As brutal as the situation was depicted in the movie, it was apparently much worse in real life. There was no breaking into song in real life — most simply didn’t have the strength to try to p.o. their captors.
And the movie was filmed in what’s now Sri Lanka, because the real river in Thailand — a mere tributary — wasn’t considered majestic enough. (The real river, by the way was named something else. But after the book and movie came out, the locals changed the name to keep things simple.)
Being at the real bridge 70 years later was well-worth the trip, even though it’s now overrun by tourists instead of soldiers.

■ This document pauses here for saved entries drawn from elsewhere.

(* Let $U\subset\mathbb{C}$ be simply connected and let $F,G$ be holomorphic on $U$ with $F$ nowhere zero. Put $\phi=(F,\mathrm{i}F,-FG)$, and for $\theta\in\mathbb{R}$ let $$\mathbf{x}_\theta(z)=\cos\theta\,\mathrm{Re}\int_{z_0}^z\phi\,\mathrm{d}w+\sin\theta\,\mathrm{Im}\int_{z_0}^z\phi\,\mathrm{d}w=\mathrm{Re}\int_{z_0}^z\mathrm{e}^{-\mathrm{i}\theta}\phi\,\mathrm{d}w.$$ Then: (i) All $\mathbf{x}_\theta$ have the same first fundamental form $|F|^2|\mathrm{d}z|^2$. (ii) At a point $z$, the direction $\mathbf{v}=v_1\partial_u+v_2\partial_v$ is asymptotic for $\mathbf{x}_\theta$ if and only if $\mathrm{e}^{-\mathrm{i}\theta}F(z)G'(z)(v_1+\mathrm{i}v_2)^2\in\mathrm{i}\mathbb{R}$. (iii) At a point $z$ where $F(z)G'(z)\neq0$, the direction $\mathbf{v}$ is a principal direction of $\mathbf{x}_\theta$ if and only if $\mathrm{e}^{-\mathrm{i}\theta}F(z)G'(z)(v_1+\mathrm{i}v_2)^2\in\mathbb{R}$. (iv) Consequently, at such points, asymptotic directions of $\mathbf{x}_\theta$ are principal directions of the conjugate surface $\mathbf{x}_{\theta+\pi/2}$, and principal directions of $\mathbf{x}_\theta$ are asymptotic directions of $\mathbf{x}_{\theta+\pi/2}$.
   Context: $\mathbb{I}^3$ is $\mathbb{R}^3$ with the degenerate metric $\langle a,b\rangle=a^1b^1+a^2b^2$, and $z=u+\mathrm{i}v$. The first fundamental form has coefficients $g_{ij}=\langle\mathbf{x}_i,\mathbf{x}_j\rangle$. The minimal normal $\mathbf{N}_m$ is the unique vector $(a,b,1)$ that is Euclidean-orthogonal to $\mathbf{x}_u,\mathbf{x}_v$, and the second fundamental form has coefficients $h_{ij}=\mathbf{x}_{ij}\cdot\mathbf{N}_m$. A direction $\mathbf{v}$ is asymptotic if $\mathrm{II}(\mathbf{v},\mathbf{v})=0$. It is principal if it is an eigenvector of the shape operator $g^{-1}h$, i.e. a critical direction of $\mathrm{II}(\mathbf{v},\mathbf{v})/\mathrm{I}(\mathbf{v},\mathbf{v})$. The surface $\mathbf{x}_{\theta+\pi/2}$ is called the conjugate of $\mathbf{x}_\theta$. *)

From Stdlib Require Import Reals ClassicalEpsilon.
From Coquelicot Require Export Coquelicot.
Open Scope R_scope.

Definition vec3 := (R * R * R)%type.
Definition v1c (a : vec3) : R := fst (fst a).
Definition v2c (a : vec3) : R := snd (fst a).
Definition v3c (a : vec3) : R := snd a.

Definition edot (a b : vec3) : R := v1c a * v1c b + v2c a * v2c b + v3c a * v3c b.
(* degenerate isotropic metric of I^3 *)
Definition idot (a b : vec3) : R := v1c a * v1c b + v2c a * v2c b.

Definition holomorphic_on (U : C -> Prop) (f : C -> C) : Prop :=
  forall z, U z -> ex_derive (K := C_AbsRing) f z.

Definition pu (x : R -> R -> vec3) : R -> R -> vec3 := fun u v =>
  (Derive (fun t => v1c (x t v)) u, Derive (fun t => v2c (x t v)) u,
   Derive (fun t => v3c (x t v)) u).
Definition pv (x : R -> R -> vec3) : R -> R -> vec3 := fun u v =>
  (Derive (fun t => v1c (x u t)) v, Derive (fun t => v2c (x u t)) v,
   Derive (fun t => v3c (x u t)) v).

Definition g11 x u v := idot (pu x u v) (pu x u v).
Definition g12 x u v := idot (pu x u v) (pv x u v).
Definition g22 x u v := idot (pv x u v) (pv x u v).

Definition is_minimal_normal (x : R -> R -> vec3) (u v : R) (N : vec3) : Prop :=
  v3c N = 1 /\ edot N (pu x u v) = 0 /\ edot N (pv x u v) = 0.
Definition minimal_normal (x : R -> R -> vec3) (u v : R) : vec3 :=
  epsilon (inhabits ((0, 0, 1) : vec3)) (is_minimal_normal x u v).

Definition h11 x u v := edot (pu (pu x) u v) (minimal_normal x u v).
Definition h12 x u v := edot (pv (pu x) u v) (minimal_normal x u v).
Definition h22 x u v := edot (pv (pv x) u v) (minimal_normal x u v).

Definition II x u v (a b : R) : R :=
  h11 x u v * a ^ 2 + 2 * h12 x u v * a * b + h22 x u v * b ^ 2.

Definition asymptotic x u v (a b : R) : Prop := II x u v a b = 0.

(* shape operator S = g^{-1} h, written out entrywise *)
Definition detg x u v := g11 x u v * g22 x u v - g12 x u v ^ 2.
Definition S11 x u v := (g22 x u v * h11 x u v - g12 x u v * h12 x u v) / detg x u v.
Definition S12 x u v := (g22 x u v * h12 x u v - g12 x u v * h22 x u v) / detg x u v.
Definition S21 x u v := (- g12 x u v * h11 x u v + g11 x u v * h12 x u v) / detg x u v.
Definition S22 x u v := (- g12 x u v * h12 x u v + g11 x u v * h22 x u v) / detg x u v.

Definition principal x u v (a b : R) : Prop :=
  (a, b) <> (0, 0) /\
  exists lam : R, S11 x u v * a + S12 x u v * b = lam * a /\
                  S21 x u v * a + S22 x u v * b = lam * b.

(* x_theta(u,v) = cos th Re Phi(z) + sin th Im Phi(z),  z = u + i v,
   where Phi = (P1,P2,P3) is a primitive of phi *)
Definition xsurf (th : R) (P1 P2 P3 : C -> C) : R -> R -> vec3 := fun u v =>
  (cos th * Re (P1 (u, v)) + sin th * Im (P1 (u, v)),
   cos th * Re (P2 (u, v)) + sin th * Im (P2 (u, v)),
   cos th * Re (P3 (u, v)) + sin th * Im (P3 (u, v))).

Definition emi (th : R) : C := (cos th, - sin th).

From Stdlib Require Import Reals Lra ClassicalEpsilon.
From Coquelicot Require Import Coquelicot.
Open Scope R_scope.

(* Write proj th w = cos th Re w + sin th Im w = Re (e^{-i th} w),
   so that every coordinate of x_th is proj th P_k for a holomorphic primitive P_k.
   A complex derivative q of P at z = u + iv yields the real partial derivatives
   d_u (proj th P) = proj th q and d_v (proj th P) = proj th (i q); iterating on the
   derivatives phi = (F, iF, -FG) gives the whole 2-jet of x_th at z (SurfaceJet).
   From this jet:
   - the horizontal parts of x_u, x_v are (A, B) and (B, -A) with A^2 + B^2 = |F|^2,
     whence g = |F|^2 Id, and the minimal normal is forced to be (Re G, Im G, 1);
   - with K = e^{-i th} F G', the second fundamental form is
     h11 = -Re K, h12 = Im K, h22 = Re K (fundamental_forms).
   The rest is algebra: II(a,b) = -Re (K (a+ib)^2), and for a conformal metric the
   eigenvector condition for g^{-1} h reduces to the cross condition (h v) x v = 0,
   whose left side is -Im (K (a+ib)^2).  Finally e^{-i(th+pi/2)} = -i e^{-i th}
   exchanges Re and Im, giving the duality (iv) between x_th and its conjugate. *)

(* Coquelicot has two normed-module structures on C; complex derivatives agree.
   Needed to use the generic product rule, stated for AbsRing_NormedModule. *)
Lemma is_derive_C_module (f : C -> C) (z l : C) :
  @is_derive C_AbsRing C_NormedModule f z l <->
  @is_derive C_AbsRing (AbsRing_NormedModule C_AbsRing) f z l.
Proof.
split; intros [_ D]; (split; [apply is_linear_scal_l|]);
  intros w Hw eps; generalize (D w Hw eps); apply filter_imp; easy.
Qed.

Lemma is_derive_C_Ci_mult (f : C -> C) (z l : C) :
  is_derive (K := C_AbsRing) f z l ->
  is_derive (K := C_AbsRing) (fun w => Ci * f w)%C z (Ci * l)%C.
Proof.
intros Hf; apply is_derive_C_module.
replace (Ci * l)%C with (plus (mult (RtoC 0) (f z)) (mult Ci l))
  by (change ((0 * f z + Ci * l)%C = (Ci * l)%C); ring).
exact (is_derive_mult (fun _ => Ci) f z _ _ (is_derive_const _ _)
  (proj1 (is_derive_C_module _ _ _) Hf) Cmult_comm).
Qed.

Lemma is_derive_C_opp_mult (f g : C -> C) (z l m : C) :
  is_derive (K := C_AbsRing) f z l -> is_derive (K := C_AbsRing) g z m ->
  is_derive (K := C_AbsRing) (fun w => - (f w * g w))%C z (- (l * g z + f z * m))%C.
Proof.
intros Hf Hg; apply is_derive_C_module.
exact (is_derive_opp _ _ _ (is_derive_mult f g z l m
  (proj1 (is_derive_C_module _ _ _) Hf) (proj1 (is_derive_C_module _ _ _) Hg) Cmult_comm)).
Qed.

After parts of it were blown up by the Allies, it was rebuilt. Apparently the curved parts are originals. Some of the railroad is still intact and still in use — that’s how we got there.Stripping away all the garish tourism (there’s a sound and light show that we thankfully missed), I could picture the young men, many barely adults, the same age as my dad, who served in the same war, toiling on the rails.
I had an appreciation for the heat and humidity because I couldn’t walk just a few steps without downing a bottle of water. Just imagine. I was almost glad we didn’t have time to walk across the bridge, as many do.

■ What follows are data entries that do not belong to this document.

(* Consider $N$ agents. For each agent $k$ let $R_{u,k}$ be an $M\times M$ Hermitian positive definite matrix, $c_k\in(0,\infty)$, $\delta_k,r_k\in(0,1)$, and $\chi_k\triangleq\frac{1-\delta_kr_k}{\delta_k(1-r_k)}$, $\chi_{\min}\triangleq\min_k\chi_k$. Let $\mu>0$ with $\mu\lambda_{\max}(R_{u,k})\le1$ for all $k$, and $\rho_{\max}\triangleq\max_k\lambda_{\max}(I-\mu R_{u,k})$. For each $k$ and time $i$, let $\widetilde{\boldsymbol w}_{k,i-1}$ be a random vector in $\mathbb{C}^M$, let $\bar{\boldsymbol b}_k(i)\triangleq\|(I-\mu R_{u,k})\widetilde{\boldsymbol w}_{k,i-1}\|^2_{R_{u,k}}$, and for each neighbor $\ell$ let $\boldsymbol\theta_{\ell k}(i)$ be a random variable with values in $[\varepsilon,1]$ for some $\varepsilon\in(0,1)$. Agent $k$'s action toward $\ell$ is $\boldsymbol a_{k\ell}(i)=1$ if $\bar{\boldsymbol b}_k(i)\boldsymbol\theta_{\ell k}(i)>c_k\chi_k$ and $\boldsymbol a_{k\ell}(i)=0$ otherwise. Suppose there exist a constant $\eta>0$ and an index $i_0$ such that $\mathbb{E}\|\widetilde{\boldsymbol w}_{k,i}\|^2_{R_{u,k}}\le\eta\mu$ for all $k$ and all $i\ge i_0$. Then for every agent $k$, every neighbor $\ell$ and every $i\ge i_0+1$, $${\rm Prob}\{\boldsymbol a_{k\ell}(i)=1\}\le\min\Big\{\frac{c^o}{c_k},1\Big\},\qquad c^o\triangleq\frac{\eta\mu\rho_{\max}^2}{\chi_{\min}},$$ where $c^o$ does not depend on $c_k$.
   Context: For a Hermitian positive definite $R$, $\|x\|^2_R\triangleq x^*Rx$. In the paper, $\widetilde{\boldsymbol w}_{k,i-1}=w^o-\boldsymbol w_{k,i-1}$ is agent $k$'s estimation error in a diffusion LMS network, $\mu$ the step-size, $R_{u,k}$ the regressor covariance, $c_k$ the per-transmission communication cost, $\delta_k$ a discount factor, $r_k$ the reputation smoothing factor, $\boldsymbol\theta_{\ell k}(i)$ the reputation score agent $k$ keeps about $\ell$ (floored at $\varepsilon$), and the action rule is the agent's (risk-taking) best response rule; the hypothesis on $\eta$ is the paper's steady-state mean-square bound (''after sufficient iterations''). *)

From HB Require Import structures.
From mathcomp Require Import all_boot all_order all_algebra.
From mathcomp Require Import all_classical all_reals all_analysis.
From mathcomp Require Import complex.
Set Implicit Arguments. Unset Strict Implicit. Unset Printing Implicit Defensive.
Import Order.TTheory GRing.Theory Num.Theory.
Local Open Scope ring_scope.
Local Open Scope classical_set_scope.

And imagine trying to cut away this thick carpet in all that heat and humidity. This shot of the jungle, I guess, elsewhere in Thailand, was taken by me from the train’s observation deck. It had a life of its own and was so close at times, it almost took an eye out.
The bloke leading our tour was an Aussie whose father battled the Japanese and survived.
My dad, who thankfully was on watch in Alaska and the Pacific Northwest, also made it home.
But thousands of others who died along the tracks are buried here, in a cemetery near the bridge. Their lives cut short before they ever really began.